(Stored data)
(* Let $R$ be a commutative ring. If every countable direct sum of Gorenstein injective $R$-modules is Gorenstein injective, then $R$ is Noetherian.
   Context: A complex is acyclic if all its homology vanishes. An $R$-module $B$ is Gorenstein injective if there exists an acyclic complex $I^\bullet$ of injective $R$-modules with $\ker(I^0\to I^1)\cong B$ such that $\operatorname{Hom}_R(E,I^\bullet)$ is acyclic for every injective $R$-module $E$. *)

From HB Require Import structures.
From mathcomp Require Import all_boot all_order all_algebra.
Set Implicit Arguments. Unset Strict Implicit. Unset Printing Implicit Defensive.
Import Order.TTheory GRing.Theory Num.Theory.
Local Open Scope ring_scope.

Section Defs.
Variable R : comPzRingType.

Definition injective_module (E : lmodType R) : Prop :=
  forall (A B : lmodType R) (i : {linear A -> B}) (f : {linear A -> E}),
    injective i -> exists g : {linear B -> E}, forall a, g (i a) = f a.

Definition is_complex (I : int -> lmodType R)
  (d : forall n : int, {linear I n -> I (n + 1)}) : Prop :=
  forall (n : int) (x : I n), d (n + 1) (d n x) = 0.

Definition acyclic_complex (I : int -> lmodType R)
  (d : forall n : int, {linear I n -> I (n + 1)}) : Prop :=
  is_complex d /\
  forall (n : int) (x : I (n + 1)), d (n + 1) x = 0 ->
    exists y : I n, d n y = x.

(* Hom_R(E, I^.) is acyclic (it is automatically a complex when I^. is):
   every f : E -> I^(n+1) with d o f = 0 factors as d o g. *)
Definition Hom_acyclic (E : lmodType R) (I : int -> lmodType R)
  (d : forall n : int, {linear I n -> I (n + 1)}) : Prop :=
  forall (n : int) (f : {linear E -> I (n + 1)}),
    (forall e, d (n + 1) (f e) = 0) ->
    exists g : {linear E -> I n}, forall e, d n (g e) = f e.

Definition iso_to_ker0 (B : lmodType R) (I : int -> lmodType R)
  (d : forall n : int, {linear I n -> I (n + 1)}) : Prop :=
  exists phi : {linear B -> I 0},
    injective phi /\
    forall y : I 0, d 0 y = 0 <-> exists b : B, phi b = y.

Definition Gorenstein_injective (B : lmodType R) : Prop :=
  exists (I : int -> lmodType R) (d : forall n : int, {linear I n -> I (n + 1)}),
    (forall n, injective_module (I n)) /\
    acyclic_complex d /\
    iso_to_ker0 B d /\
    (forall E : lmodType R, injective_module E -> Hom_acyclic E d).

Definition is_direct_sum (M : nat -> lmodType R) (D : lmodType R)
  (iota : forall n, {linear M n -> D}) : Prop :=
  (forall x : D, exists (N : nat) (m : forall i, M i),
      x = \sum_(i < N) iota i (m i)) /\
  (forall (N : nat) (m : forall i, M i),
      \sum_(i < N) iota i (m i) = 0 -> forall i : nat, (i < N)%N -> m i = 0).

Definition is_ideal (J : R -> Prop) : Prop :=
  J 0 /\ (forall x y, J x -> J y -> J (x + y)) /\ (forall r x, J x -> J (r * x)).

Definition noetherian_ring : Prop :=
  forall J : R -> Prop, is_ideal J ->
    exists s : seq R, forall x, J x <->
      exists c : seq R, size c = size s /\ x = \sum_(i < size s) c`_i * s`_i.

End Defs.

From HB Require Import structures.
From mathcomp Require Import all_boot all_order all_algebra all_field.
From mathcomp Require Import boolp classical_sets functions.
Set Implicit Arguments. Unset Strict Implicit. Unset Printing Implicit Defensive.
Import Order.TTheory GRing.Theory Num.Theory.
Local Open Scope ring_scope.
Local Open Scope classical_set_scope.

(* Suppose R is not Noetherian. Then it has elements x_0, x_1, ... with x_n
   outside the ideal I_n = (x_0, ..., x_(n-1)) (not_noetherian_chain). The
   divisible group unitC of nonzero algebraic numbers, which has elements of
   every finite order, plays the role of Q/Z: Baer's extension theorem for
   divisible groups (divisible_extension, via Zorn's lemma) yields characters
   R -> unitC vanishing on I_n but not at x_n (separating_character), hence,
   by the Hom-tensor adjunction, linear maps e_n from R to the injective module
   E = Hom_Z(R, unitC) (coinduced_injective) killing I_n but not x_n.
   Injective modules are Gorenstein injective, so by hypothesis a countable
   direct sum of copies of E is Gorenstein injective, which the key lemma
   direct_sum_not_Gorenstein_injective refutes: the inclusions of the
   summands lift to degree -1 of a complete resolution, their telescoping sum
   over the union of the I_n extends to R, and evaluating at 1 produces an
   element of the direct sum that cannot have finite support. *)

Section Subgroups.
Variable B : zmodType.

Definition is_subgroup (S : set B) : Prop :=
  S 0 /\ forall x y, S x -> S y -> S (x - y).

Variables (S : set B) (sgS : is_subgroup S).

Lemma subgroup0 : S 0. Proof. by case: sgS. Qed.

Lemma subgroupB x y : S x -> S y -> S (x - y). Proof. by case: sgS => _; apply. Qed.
...
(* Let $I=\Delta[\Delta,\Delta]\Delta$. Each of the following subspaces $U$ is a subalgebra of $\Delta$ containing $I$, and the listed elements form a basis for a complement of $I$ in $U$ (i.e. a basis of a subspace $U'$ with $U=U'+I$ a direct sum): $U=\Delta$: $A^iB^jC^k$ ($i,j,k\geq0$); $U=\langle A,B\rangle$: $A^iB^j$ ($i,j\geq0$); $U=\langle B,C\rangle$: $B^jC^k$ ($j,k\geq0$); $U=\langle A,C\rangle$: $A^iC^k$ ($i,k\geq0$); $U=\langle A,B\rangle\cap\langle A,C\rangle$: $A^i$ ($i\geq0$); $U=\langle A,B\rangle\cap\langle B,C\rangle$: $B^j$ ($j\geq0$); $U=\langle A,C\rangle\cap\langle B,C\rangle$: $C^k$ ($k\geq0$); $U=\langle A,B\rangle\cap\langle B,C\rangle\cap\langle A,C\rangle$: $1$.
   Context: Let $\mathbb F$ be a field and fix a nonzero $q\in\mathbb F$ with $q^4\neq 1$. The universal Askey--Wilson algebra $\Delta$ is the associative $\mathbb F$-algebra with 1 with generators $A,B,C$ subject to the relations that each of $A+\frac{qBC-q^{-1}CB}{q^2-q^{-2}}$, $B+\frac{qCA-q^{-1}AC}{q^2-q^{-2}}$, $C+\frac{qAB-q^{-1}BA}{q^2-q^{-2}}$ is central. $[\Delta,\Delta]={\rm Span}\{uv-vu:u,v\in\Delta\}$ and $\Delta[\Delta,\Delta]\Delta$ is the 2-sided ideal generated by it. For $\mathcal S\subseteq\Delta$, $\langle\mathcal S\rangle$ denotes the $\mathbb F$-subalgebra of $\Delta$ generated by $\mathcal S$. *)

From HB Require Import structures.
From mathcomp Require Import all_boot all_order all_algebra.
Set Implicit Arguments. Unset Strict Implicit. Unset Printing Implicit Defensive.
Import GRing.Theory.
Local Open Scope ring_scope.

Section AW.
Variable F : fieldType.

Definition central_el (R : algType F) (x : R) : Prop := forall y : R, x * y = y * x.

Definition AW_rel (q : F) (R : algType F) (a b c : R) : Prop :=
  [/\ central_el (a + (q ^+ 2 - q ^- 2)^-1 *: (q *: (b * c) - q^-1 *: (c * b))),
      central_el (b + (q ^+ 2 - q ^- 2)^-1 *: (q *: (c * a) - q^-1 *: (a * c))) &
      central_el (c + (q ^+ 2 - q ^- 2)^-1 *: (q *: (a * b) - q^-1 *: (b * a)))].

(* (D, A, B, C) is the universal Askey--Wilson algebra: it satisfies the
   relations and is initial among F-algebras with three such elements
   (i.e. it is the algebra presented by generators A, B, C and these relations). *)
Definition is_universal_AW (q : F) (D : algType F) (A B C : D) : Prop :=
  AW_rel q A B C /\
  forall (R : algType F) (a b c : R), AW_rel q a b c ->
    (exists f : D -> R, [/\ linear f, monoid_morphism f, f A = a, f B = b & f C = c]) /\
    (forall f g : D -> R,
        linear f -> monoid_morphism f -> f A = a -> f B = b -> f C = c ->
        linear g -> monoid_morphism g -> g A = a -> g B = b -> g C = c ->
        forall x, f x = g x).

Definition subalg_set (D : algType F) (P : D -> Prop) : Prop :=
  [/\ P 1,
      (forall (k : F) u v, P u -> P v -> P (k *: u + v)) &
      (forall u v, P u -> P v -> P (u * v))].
...
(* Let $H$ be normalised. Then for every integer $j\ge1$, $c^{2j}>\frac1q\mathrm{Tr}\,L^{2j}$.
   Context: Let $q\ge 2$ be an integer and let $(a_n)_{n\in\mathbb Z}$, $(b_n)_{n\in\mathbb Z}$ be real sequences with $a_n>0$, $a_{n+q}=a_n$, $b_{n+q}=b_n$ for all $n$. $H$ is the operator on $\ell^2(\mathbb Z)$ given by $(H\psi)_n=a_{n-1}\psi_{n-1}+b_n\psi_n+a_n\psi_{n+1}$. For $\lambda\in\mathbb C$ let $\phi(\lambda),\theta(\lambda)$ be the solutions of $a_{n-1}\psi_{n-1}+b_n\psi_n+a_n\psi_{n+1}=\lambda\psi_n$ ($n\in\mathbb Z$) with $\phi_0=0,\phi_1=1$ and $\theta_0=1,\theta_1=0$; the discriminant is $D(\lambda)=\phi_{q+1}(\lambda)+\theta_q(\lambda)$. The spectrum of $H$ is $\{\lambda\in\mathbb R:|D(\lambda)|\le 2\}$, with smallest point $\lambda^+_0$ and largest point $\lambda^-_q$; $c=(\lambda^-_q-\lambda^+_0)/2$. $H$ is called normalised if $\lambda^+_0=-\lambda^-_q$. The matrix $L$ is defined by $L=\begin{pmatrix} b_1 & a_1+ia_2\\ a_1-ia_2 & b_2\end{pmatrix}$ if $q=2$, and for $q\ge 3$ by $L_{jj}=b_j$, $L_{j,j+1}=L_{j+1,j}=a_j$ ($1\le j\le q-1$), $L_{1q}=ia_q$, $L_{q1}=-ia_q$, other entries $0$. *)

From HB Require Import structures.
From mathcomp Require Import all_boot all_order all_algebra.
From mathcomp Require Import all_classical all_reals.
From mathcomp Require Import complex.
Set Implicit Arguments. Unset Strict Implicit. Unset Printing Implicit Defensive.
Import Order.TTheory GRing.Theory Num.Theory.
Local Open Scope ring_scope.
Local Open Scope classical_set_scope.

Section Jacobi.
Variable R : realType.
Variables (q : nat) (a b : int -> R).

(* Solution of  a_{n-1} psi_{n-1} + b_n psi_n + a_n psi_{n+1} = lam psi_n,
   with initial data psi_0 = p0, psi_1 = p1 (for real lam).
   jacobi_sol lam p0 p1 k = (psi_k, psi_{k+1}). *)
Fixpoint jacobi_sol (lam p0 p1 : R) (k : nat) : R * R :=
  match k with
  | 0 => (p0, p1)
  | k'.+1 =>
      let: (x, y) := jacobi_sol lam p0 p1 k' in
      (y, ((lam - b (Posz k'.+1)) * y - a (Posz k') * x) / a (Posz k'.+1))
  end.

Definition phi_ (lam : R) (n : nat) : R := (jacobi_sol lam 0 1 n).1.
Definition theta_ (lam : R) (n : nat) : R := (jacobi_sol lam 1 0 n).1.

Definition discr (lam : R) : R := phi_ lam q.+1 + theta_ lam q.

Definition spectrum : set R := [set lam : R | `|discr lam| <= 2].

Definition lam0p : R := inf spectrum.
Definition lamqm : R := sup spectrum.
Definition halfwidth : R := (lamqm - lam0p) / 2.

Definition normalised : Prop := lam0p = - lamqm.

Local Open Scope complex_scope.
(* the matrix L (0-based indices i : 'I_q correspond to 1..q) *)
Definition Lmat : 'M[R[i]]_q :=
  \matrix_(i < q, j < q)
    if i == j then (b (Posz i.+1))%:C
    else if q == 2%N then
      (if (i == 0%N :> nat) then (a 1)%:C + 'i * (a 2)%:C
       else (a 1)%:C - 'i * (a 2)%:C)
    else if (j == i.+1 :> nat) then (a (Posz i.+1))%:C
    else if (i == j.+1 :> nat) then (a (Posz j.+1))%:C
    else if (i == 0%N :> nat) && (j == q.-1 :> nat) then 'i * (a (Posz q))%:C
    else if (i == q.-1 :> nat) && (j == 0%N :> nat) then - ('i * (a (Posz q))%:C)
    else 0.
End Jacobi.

■ Task prompt
In the records above, find the lines containing "finite" and copy them.

■ Written response
   every finite order, plays the role of Q/Z: Baer's extension theorem for
   element of the direct sum that cannot have finite support. *)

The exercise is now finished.